The explanation of the answer is now provided in 3 parts as follows:
To calculate the present value of an amount, the following formula is used:
PV = FV / (1 + r)^n ………………. (1)
Where:
PV = present value of an amount
FV = Future value an amount in a particular year
r = interest rate
n = the year in focus
Therefore, we have:
1(a) If the interest rate is 5%, calculate the present value for Sally if she goes to school
Using equation (1), we have:
PV of amount to pay in Year 1 = $5,000 / (1 + 0.05)^1 = $4,761.90
PV of earnings in Year 2 = $47,500 / (1 + 0.05)^2 = $43,083.90
Present value for Sally if she goes to school = PV of earnings in Year 2 earnings - PV of amount to pay in Year 1 = $43,083.90 - $4,761.90 = $38,322.00
1(b) If the interest rate is 5%, calculate the present value for Sally if she does not go to school
Using equation (1), we have:
PV of Year 1 earnings = $20,000 / (1 + 0.05)^1 = $19,047.62
PV of Year 2 earnings = $20,000 / (1 + 0.05)^2 = $18,140.59
Present value for Sally if she does not go to school = PV of Year 1 earnings + PV of Year 2 earnings = $19,047.62 + $18,140.59 = $37,188.21
1(c.) Does the investment in school make sense?
From parts 1(a) and 1(b) above, since the present value for Sally if she goes to school of $38,322.00 is greater than the present value for Sally if she does not go to school of $37,188.21, the investment in school makes sense.
2(a) If the interest rate is 6%, calculate the present value for Sally if she goes to school
Using equation (1), we have:
PV of amount to pay in Year 1 = $5,000 / (1 + 0.06)^1 = $4,716.98
PV of earnings in Year 2 = $47,500 / (1 + 0.06)^2 = $42,274.83
Present value for Sally if she goes to school = PV of earnings in Year 2 earnings - PV of amount to pay in Year 1 = $42,274.83 - $4,716.98 = $37,557.85
2(b) If the interest rate is 6%, calculate the present value for Sally if she does not go to school
Using equation (1), we have:
PV of Year 1 earnings = $20,000 / (1 + 0.06)^1 = $18,867.92
PV of Year 2 earnings = $20,000 / (1 + 0.06)^2 = $17,799.93
Present value for Sally if she does not go to school = PV of Year 1 earnings + PV of Year 2 earnings = $18,867.92 + $17,799.93 = $36,667.85
2(c.) Does the investment in school make sense?
From parts 2(a) and 2(b) above, since the present value for Sally if she goes to school of $37,557.85 is greater than the present value for Sally if she does not go to school of $36,667.85, the investment in school makes sense.
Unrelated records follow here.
(* Let $N\ge 1$ and $k\ge 1$ be integers, let $q^{(k)}_1,\ldots,q^{(k)}_{N^k}\in\Delta^{N}$ be arbitrary, and let $\mathcal{Q}^{(k)}:=\left(q^{(k)}_1,\ldots,q^{(k)}_{N^k}\right)$. For $i\in\{1,\ldots,N^{k-1}\}$ set $$Q^{(k)}_i:=\left(q^{(k)}_{N(i-1)+1},\,q^{(k)}_{N(i-1)+2},\,\ldots,\,q^{(k)}_{N(i-1)+N}\right)\in\mathbb{R}^{N\times N},$$ and let $$Q^{(k)}:=C_{N,N^{k-1}}\sum_{i=1}^{N^{k-1}}E_{N^{k-1},i}\otimes Q^{(k)}_i\in\mathbb{R}^{N^k\times N^k}$$ be the corresponding $k^{\text{th}}$ order transition matrix. Then $$Q^{(k)}=M^{(k)}_{k}\,C^{(k+1)}_{1}\,B^{(k)}_{k}\left(\mathcal{Q}^{(k)}\right)=C^{(k)}_{1}\,M^{(k)}_{k-1}\,B^{(k)}_{k}\left(\mathcal{Q}^{(k)}\right).$$
   Context: $\Delta^{n}$ denotes the set of probability vectors in $\mathbb{R}^n$ (column vectors with nonnegative entries summing to $1$). $E_n$ is the $n\times n$ identity matrix, $e_{n,i}$ the $i$-th standard basis column vector of $\mathbb{R}^n$, $E_{n,i}:=e_{n,i}e_{n,i}^{T}$, $\mathbf{1}_n\in\mathbb{R}^n$ the all-ones vector, and $\otimes$ the Kronecker product. The commutation matrix is $C_{n,m}:=\sum_{i=1}^{m}e_{m,i}^{T}\otimes E_n\otimes e_{m,i}$ (an $nm\times nm$ permutation matrix). For integers $k\ge 0$ and $0\le m\le k$ (with $N$ fixed): the marginalization matrix is $M^{(k)}_m:=E_{N^m}\otimes\mathbf{1}_N^{T}\otimes E_{N^{k-m}}\in\mathbb{R}^{N^k\times N^{k+1}}$; for a tuple $\mathcal{Q}=(q_1,\ldots,q_{N^k})$ of vectors in $\Delta^N$, the branching matrix is $B^{(k)}_m(\mathcal{Q}):=\sum_{i=1}^{N^m}\sum_{j=1}^{N^{k-m}}E_{N^m,i}\otimes q_{N^{k-m}(i-1)+j}\otimes E_{N^{k-m},j}\in\mathbb{R}^{N^{k+1}\times N^k}$; the cycling matrix is $C^{(k)}_m:=C_{N^m,N^{k-m}}$. *)

(* Kronecker product = tensmx (A *t B) from mathcomp real_closed mxtens,
   the standard row-major Kronecker product. *)
From mathcomp Require Import all_boot all_order all_algebra.
From mathcomp Require Import mxtens.
Set Implicit Arguments. Unset Strict Implicit. Unset Printing Implicit Defensive.
Import Order.TTheory GRing.Theory Num.Theory.
Local Open Scope ring_scope.

Notation "A *t B" := (tensmx A B)
  (at level 40, left associativity, format "A  *t  B") : ring_scope.

Lemma dimC_eq1 n m : (1 * n * m = n * m)%N. Proof. by rewrite mul1n. Qed.
Lemma dimC_eq2 n m : (m * n * 1 = n * m)%N. Proof. by rewrite muln1 mulnC. Qed.
Lemma dim_pow_split (N m k : nat) : (m <= k)%N -> (N ^ m * N ^ (k - m) = N ^ k)%N.
Proof. by move=> h; rewrite -expnD subnKC. Qed.
Lemma dimM_eq1 (N m k : nat) : (m <= k)%N -> (N ^ m * 1 * N ^ (k - m) = N ^ k)%N.
Proof. by move=> h; rewrite muln1 dim_pow_split. Qed.
Lemma dimM_eq2 (N m k : nat) : (m <= k)%N -> (N ^ m * N * N ^ (k - m) = N ^ k.+1)%N.
Proof. by move=> h; rewrite -expnSr -expnD addSn subnKC. Qed.
Lemma dimQ_eq1 (N k : nat) : (0 < k)%N -> (N ^ k.-1 * N = N ^ k)%N.
Proof. by case: k => // k _; rewrite expnSr. Qed.

Section Defs.
Variable R : realFieldType.

Definition probvec (n : nat) (q : 'cV[R]_n) : Prop :=
  (forall i, 0 <= q i 0) /\ \sum_i q i 0 = 1.

Definition basis_col (n : nat) (i : 'I_n) : 'cV[R]_n := delta_mx i 0.
Definition basis_mx (n : nat) (i : 'I_n) : 'M[R]_n := basis_col i *m (basis_col i)^T.

Definition commmx (n m : nat) : 'M[R]_(n * m) :=
  castmx (dimC_eq1 n m, dimC_eq2 n m)
    (\sum_(i < m) ((basis_col i)^T *t (1%:M : 'M[R]_n) *t basis_col i)).

Variable N : nat.

Definition margmx (k m : nat) (h : (m <= k)%N) : 'M[R]_(N ^ k, N ^ k.+1) :=
  castmx (dimM_eq1 N h, dimM_eq2 N h)
    ((1%:M : 'M[R]_(N ^ m)) *t (const_mx 1 : 'rV[R]_N) *t (1%:M : 'M[R]_(N ^ (k - m)))).

(* branching matrix B^{(k)}_m(Q) =
   sum_{i<N^m} sum_{j<N^{k-m}} E_{N^m,i} (x) q_{N^{k-m} i + j} (x) E_{N^{k-m},j}
   (0-based; the tensor index (i,j) has value i * N^{k-m} + j) *)
Definition branchmx (k m : nat) (h : (m <= k)%N) (Q : 'I_(N ^ k) -> 'cV[R]_N)
  : 'M[R]_(N ^ k.+1, N ^ k) :=
  castmx (dimM_eq2 N h, dimM_eq1 N h)
    (\sum_(i < N ^ m) \sum_(j < N ^ (k - m))
       (basis_mx i *t Q (cast_ord (dim_pow_split N h) (mxtens_index (i, j)))
          *t basis_mx j)).

Definition cycmx (k m : nat) (h : (m <= k)%N) : 'M[R]_(N ^ k) :=
  castmx (dim_pow_split N h, dim_pow_split N h) (commmx (N ^ m) (N ^ (k - m))).

(* Q^{(k)}_i = (q_{N i}, ..., q_{N i + N - 1}) (0-based), an N x N matrix whose
   j-th column is q_{N i + j}; the tensor index (i, j) has value i * N + j *)
Definition blockQ (k : nat) (hk : (0 < k)%N) (Q : 'I_(N ^ k) -> 'cV[R]_N)
  (i : 'I_(N ^ k.-1)) : 'M[R]_N :=
  \matrix_(r < N, c < N) Q (cast_ord (dimQ_eq1 N hk) (mxtens_index (i, c))) r 0.

Definition transmx (k : nat) (hk : (0 < k)%N) (Q : 'I_(N ^ k) -> 'cV[R]_N)
  : 'M[R]_(N ^ k) :=
  castmx (etrans (mulnC _ _) (dimQ_eq1 N hk), etrans (mulnC _ _) (dimQ_eq1 N hk))
    (commmx N (N ^ k.-1))
  *m castmx (dimQ_eq1 N hk, dimQ_eq1 N hk)
       (\sum_(i < N ^ k.-1) (basis_mx i *t blockQ hk Q i)).

End Defs.

From mathcomp Require Import all_boot all_order all_algebra.
From mathcomp Require Import mxtens.
Import GRing.Theory Num.Theory.
Set Implicit Arguments. Unset Strict Implicit. Unset Printing Implicit Defensive.
Local Open Scope ring_scope.

(* Every matrix involved is a 0/1 pattern relating the base-N digit strings of
   the row and column indices (weighted by an entry of some q_j for the
   branching matrix), so each identity is an entrywise computation with [%/]
   and [%%].  The block-diagonal factor sum_i E_i (x) Q_i of Q^(k) equals
   M^(k)_(k-1) B^(k)_k, as both replace the last digit of a state j by a new
   digit t with weight q_j(t), and C_(N,N^(k-1)) is C^(k)_1; this is the second
   form.  The first follows from M^(k)_k C^(k+1)_1 = C^(k)_1 M^(k)_(k-1).
   The q_j need not be probability vectors. *)

Lemma eq_divmodn (x d a b : nat) : (b < d)%N ->
  ((x %/ d == a) && (x %% d == b))%N = (x == a * d + b)%N.
Proof.
move=> lt_bd; have d_gt0 : (0 < d)%N := leq_ltn_trans (leq0n b) lt_bd.
by rewrite {3}(divn_eq x d) eq_addl_mul ?ltn_pmod // xpair_eqE.
Qed.

Section Entries.
Variable R : realFieldType.

Lemma sum_ord_only n v (lt_vn : (v < n)%N) (F : 'I_n -> R) :
  (forall x : 'I_n, (x : nat) != v -> F x = 0) -> \sum_x F x = F (Ordinal lt_vn).
Proof. by move=> F0; apply: big_only1 => // x; rewrite -val_eqE => /F0. Qed.

(* The entry of q at a natural-number index, 0 out of range; it lets entries of
   q be addressed by digits computed with [%/] and [%%]. *)
Definition colnth n (q : 'cV[R]_n) (t : nat) : R :=
  if insub t is Some r then q r 0 else 0.

Lemma colnthE n (q : 'cV[R]_n) (r : 'I_n) : colnth q r = q r 0.
Proof. by rewrite /colnth valK. Qed.

Lemma basis_mxE n (i a b : 'I_n) : basis_mx R i a b = ((a == i) && (b == i))%:R.
Proof.
rewrite /basis_mx /basis_col !mxE big_ord1 !mxE.
by case: (a == i); case: (b == i); rewrite /= ?mulr1 ?mulr0 ?mul0r.
Qed.

Lemma commmxE n m (i j : 'I_(n * m)) :
  commmx R n m i j = ((i %/ m == j %% n) && (i %% m == j %/ n))%N%:R.
Proof.
rewrite /commmx castmxE summxE.
under eq_bigr => s _ do rewrite !mxE -!val_eqE /= divn1 modn1 !andbT.
have lt_in : (i %/ m < n)%N by exact: (mxtens_index_proof1 (m:=n) i).
have lt_jm : (j %/ n < m)%N by rewrite mulnC in j *; exact: (mxtens_index_proof1 j).
rewrite (divn_small lt_in) (modn_small lt_in) (sum_ord_only lt_jm) => [|s].
  by rewrite /= !eqxx !mul1r -natrM mulnb andbC.
by rewrite eq_sym => /negbTE->; rewrite !mul0r.
Qed.

Variable N : nat.

Lemma margmxE k m (h : (m <= k)%N) (i : 'I_(N ^ k)) (j : 'I_(N ^ k.+1)) :
  margmx R N h i j = ((i %/ N ^ (k - m) == j %/ N ^ (k - m) %/ N)
     && (i %% N ^ (k - m) == j %% N ^ (k - m)))%N%:R.
Proof. by rewrite /margmx castmxE !mxE -!val_eqE /= divn1 mulr1 -natrM mulnb. Qed.

Lemma cycmxE k m (h : (m <= k)%N) (i j : 'I_(N ^ k)) :
  cycmx R N h i j = ((i %/ N ^ (k - m) == j %% N ^ m)
     && (i %% N ^ (k - m) == j %/ N ^ m))%N%:R.
Proof. by rewrite /cycmx castmxE commmxE. Qed.

Lemma branchmxE k m (h : (m <= k)%N) (Q : 'I_(N ^ k) -> 'cV[R]_N)
    (i : 'I_(N ^ k.+1)) (j : 'I_(N ^ k)) :
  branchmx h Q i j = ((i %/ N ^ (k - m) %/ N == j %/ N ^ (k - m))
     && (i %% N ^ (k - m) == j %% N ^ (k - m)))%N%:R
   * colnth (Q j) (i %/ N ^ (k - m) %% N).
Proof.
set j' := cast_ord (esym (dim_pow_split N h)) j.
have lt_j1 : (j %/ N ^ (k - m) < N ^ m)%N := mxtens_index_proof1 j'.
have lt_j2 : (j %% N ^ (k - m) < N ^ (k - m))%N := mxtens_index_proof2 j'.
rewrite /branchmx castmxE summxE (sum_ord_only lt_j1) => [|a ja]; last first.
  rewrite summxE; apply: big1 => b _.
  rewrite mxE basis_mxE mxE basis_mxE -!val_eqE /=.
  by move: ja; rewrite divn1 eq_sym => /negbTE->; rewrite andbF !mul0r.
rewrite summxE (sum_ord_only lt_j2) => [|b jb]; last first.
  rewrite mxE basis_mxE mxE basis_mxE -!val_eqE /=.
  by move: jb; rewrite eq_sym => /negbTE->; rewrite andbF mulr0.
rewrite mxE basis_mxE mxE basis_mxE -!val_eqE /= ord1 -colnthE /= divn1 !eqxx !andbT.
have -> : cast_ord (dim_pow_split N h) (mxtens_index (Ordinal lt_j1, Ordinal lt_j2)) = j.
  by apply: val_inj; rewrite /= -divn_eq.
by rewrite mulrAC -natrM mulnb.
Qed.
End Entries.

Section Factorization.
Variables (R : realFieldType) (N k : nat).
Hypotheses (N_gt0 : (0 < N)%N) (k_gt0 : (0 < k)%N).
Variable Q : 'I_(N ^ k) -> 'cV[R]_N.

Let P := (N ^ k.-1)%N.
Let expnk : (N ^ k = P * N)%N. Proof. by rewrite dimQ_eq1. Qed.
Let subn_pred : (k - k.-1 = 1)%N. Proof. by rewrite -subn1 subKn. Qed.
Let P_gt0 : (0 < P)%N. Proof. by rewrite expn_gt0 N_gt0. Qed.

Lemma margmx_pred_branchmxE (x j : 'I_(N ^ k)) :
  (margmx R N (leq_pred k) *m branchmx (leqnn k) Q) x j
  = (x %/ N == j %/ N)%N%:R * colnth (Q j) (x %% N).
Proof.
have lt_xN := ltn_pmod x N_gt0.
have lt_y : (j * N + x %% N < N ^ k.+1)%N.
  by rewrite expnSr; apply: (mxtens_index_proof (j, Ordinal lt_xN)).
rewrite mxE (sum_ord_only lt_y) => [|y y_neq];
  rewrite margmxE branchmxE subn_pred subnn expn1 !divn1 !modn1 eqxx andbT /=.
  have /andP[/eqP -> /eqP ->] : (((j * N + x %% N) %/ N == j) &&
      ((j * N + x %% N) %% N == x %% N))%N by rewrite eq_divmodn.
  by rewrite !eqxx andbT mul1r.
move: y_neq; rewrite -eq_divmodn // => /nandP[/negbTE-> | ].
  by rewrite mul0r mulr0.
by rewrite eq_sym => /negbTE->; rewrite andbF mul0r.
Qed.

Lemma sum_tens_blockQE (x j : 'I_(N ^ k)) :
  castmx (dimQ_eq1 N k_gt0, dimQ_eq1 N k_gt0)
    (\sum_(i < N ^ k.-1) (basis_mx R i *t blockQ k_gt0 Q i)) x j
  = (x %/ N == j %/ N)%N%:R * colnth (Q j) (x %% N).
Proof.
set j' := cast_ord (esym (dimQ_eq1 N k_gt0)) j.
have lt_j1 : (j %/ N < N ^ k.-1)%N := mxtens_index_proof1 j'.
rewrite castmxE summxE (sum_ord_only lt_j1) => [|a ja];
  rewrite mxE basis_mxE mxE -!val_eqE /= -colnthE.
  have -> : cast_ord (dimQ_eq1 N k_gt0)
      (mxtens_index (Ordinal lt_j1, Ordinal (mxtens_index_proof2 j'))) = j.
    by apply: val_inj; rewrite /= -divn_eq.
  by rewrite eqxx andbT.
by move: ja; rewrite eq_sym => /negbTE->; rewrite andbF !mul0r.
Qed.

Lemma transmx_cycmx :
  transmx k_gt0 Q = cycmx R N k_gt0 *m (margmx R N (leq_pred k) *m branchmx (leqnn k) Q).
Proof.
rewrite /transmx; congr (_ *m _); apply/matrixP => i j.
  by rewrite castmxE commmxE cycmxE subn1 expn1.
by rewrite sum_tens_blockQE margmx_pred_branchmxE.
Qed.

Lemma margmx_cycmxE (i : 'I_(N ^ k)) (y : 'I_(N ^ k.+1)) :
  (margmx R N (leqnn k) *m cycmx R N (ltn0Sn k)) i y
  = (i == (y %% N * P + y %/ N %/ N)%N :> nat)%:R.
Proof.
have lt_yN := ltn_pmod y N_gt0.
have lt_yNk : (y %/ N < N ^ k)%N by rewrite ltn_divLR // -expnSr.
have lt_x : (y %% N * N ^ k + y %/ N < N ^ k.+1)%N.
  by apply: leq_trans (mxtens_index_proof (Ordinal lt_yN, Ordinal lt_yNk)) _; rewrite expnS.
rewrite mxE (sum_ord_only lt_x) => [|x x_neq];
  rewrite margmxE cycmxE subnn subSS subn0 expn1 !divn1 !modn1 eqxx andbT /=.
  have /andP[/eqP -> /eqP ->] : (((y %% N * N ^ k + y %/ N) %/ N ^ k == y %% N) &&
      ((y %% N * N ^ k + y %/ N) %% N ^ k == y %/ N))%N by rewrite eq_divmodn.
  suff -> : ((y %% N * N ^ k + y %/ N) %/ N = y %% N * P + y %/ N %/ N)%N.
    by rewrite !eqxx mulr1.
  by rewrite expnk mulnA divnMDl.
move: x_neq; rewrite -eq_divmodn // => /nandP[|] /negbTE->.
  by rewrite mulr0.
by rewrite andbF mulr0.
Qed.

Lemma cycmx_margmx_predE (i : 'I_(N ^ k)) (y : 'I_(N ^ k.+1)) :
  (cycmx R N k_gt0 *m margmx R N (leq_pred k)) i y
  = ((i %/ P == y %% N) && (i %% P == y %/ N %/ N))%N%:R.
Proof.
have lt_iP : (i %/ P < N)%N by rewrite ltn_divLR // mulnC -expnk.
have lt_z : (i %% P * N + i %/ P < N ^ k)%N.
  apply: leq_trans (mxtens_index_proof (Ordinal (ltn_pmod i P_gt0), Ordinal lt_iP)) _.
  by rewrite expnk.
rewrite mxE (sum_ord_only lt_z) => [|z z_neq];
  rewrite cycmxE margmxE subn_pred subn1 expn1 -/P.
  have /andP[/eqP -> /eqP ->] : (((i %% P * N + i %/ P) %/ N == i %% P) &&
      ((i %% P * N + i %/ P) %% N == i %/ P))%N by rewrite eq_divmodn.
  by rewrite !eqxx mul1r andbC.
move: z_neq; rewrite -eq_divmodn // => /nandP[|] /negbTE.
  by rewrite (eq_sym _ (i %% P)%N) => ->; rewrite andbF mul0r.
by rewrite (eq_sym _ (i %/ P)%N) => ->; rewrite mul0r.
Qed.

(* Both sides send the digit string of y to that of i by moving its last digit
   to the front and dropping the digit that was second to last. *)
Lemma margmx_cycmx :
  margmx R N (leqnn k) *m cycmx R N (ltn0Sn k) = cycmx R N k_gt0 *m margmx R N (leq_pred k).
Proof.
apply/matrixP => i y; rewrite margmx_cycmxE cycmx_margmx_predE eq_divmodn //.
by rewrite !ltn_divLR ?muln_gt0 ?P_gt0 // -expnk -expnSr.
Qed.
End Factorization.

Theorem proposition1 (R : realFieldType) (N k : nat) (hN : (0 < N)%N) (hk : (0 < k)%N)
  (Q : 'I_(N ^ k) -> 'cV[R]_N) (hQ : forall i, probvec (Q i)) :
  transmx hk Q
    = margmx R N (leqnn k) *m cycmx R N (ltn0Sn k) *m branchmx (leqnn k) Q
  /\ transmx hk Q
    = cycmx R N hk *m margmx R N (leq_pred k) *m branchmx (leqnn k) Q.
Proof. by split; rewrite (transmx_cycmx hN) ?margmx_cycmx // mulmxA. Qed.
3(a) If the interest rate is 4%, calculate the present value for Sally if she goes to school
Using equation (1), we have:
PV of amount to pay in Year 1 = $5,000 / (1 + 0.04)^1 = $4,807.69
PV of earnings in Year 2 = $47,500 / (1 + 0.4)^2 = $43,916.42
Present value for Sally if she goes to school = PV of earnings in Year 2 earnings - PV of amount to pay in Year 1 = $43,916.42 - $4,807.69 = $39,108.73
3(b) If the interest rate is 6%, calculate the present value for Sally if she does not go to school
Using equation (1), we have:
PV of Year 1 earnings = $20,000 / (1 + 0.04)^1 = $19,230.77
PV of Year 2 earnings = $20,000 / (1 + 0.04)^2 = $18,491.12
Present value for Sally if she does not go to school = PV of Year 1 earnings + PV of Year 2 earnings = $19,230.77 + $18,491.12 = $37,721.89
3(c.) Does the investment in school make sense?
From parts 3(a) and 3(b) above, since the present value for Sally if she goes to school of $39,108.73 is greater than the present value for Sally if she does not go to school of $37,721.89, the investment in school makes sense.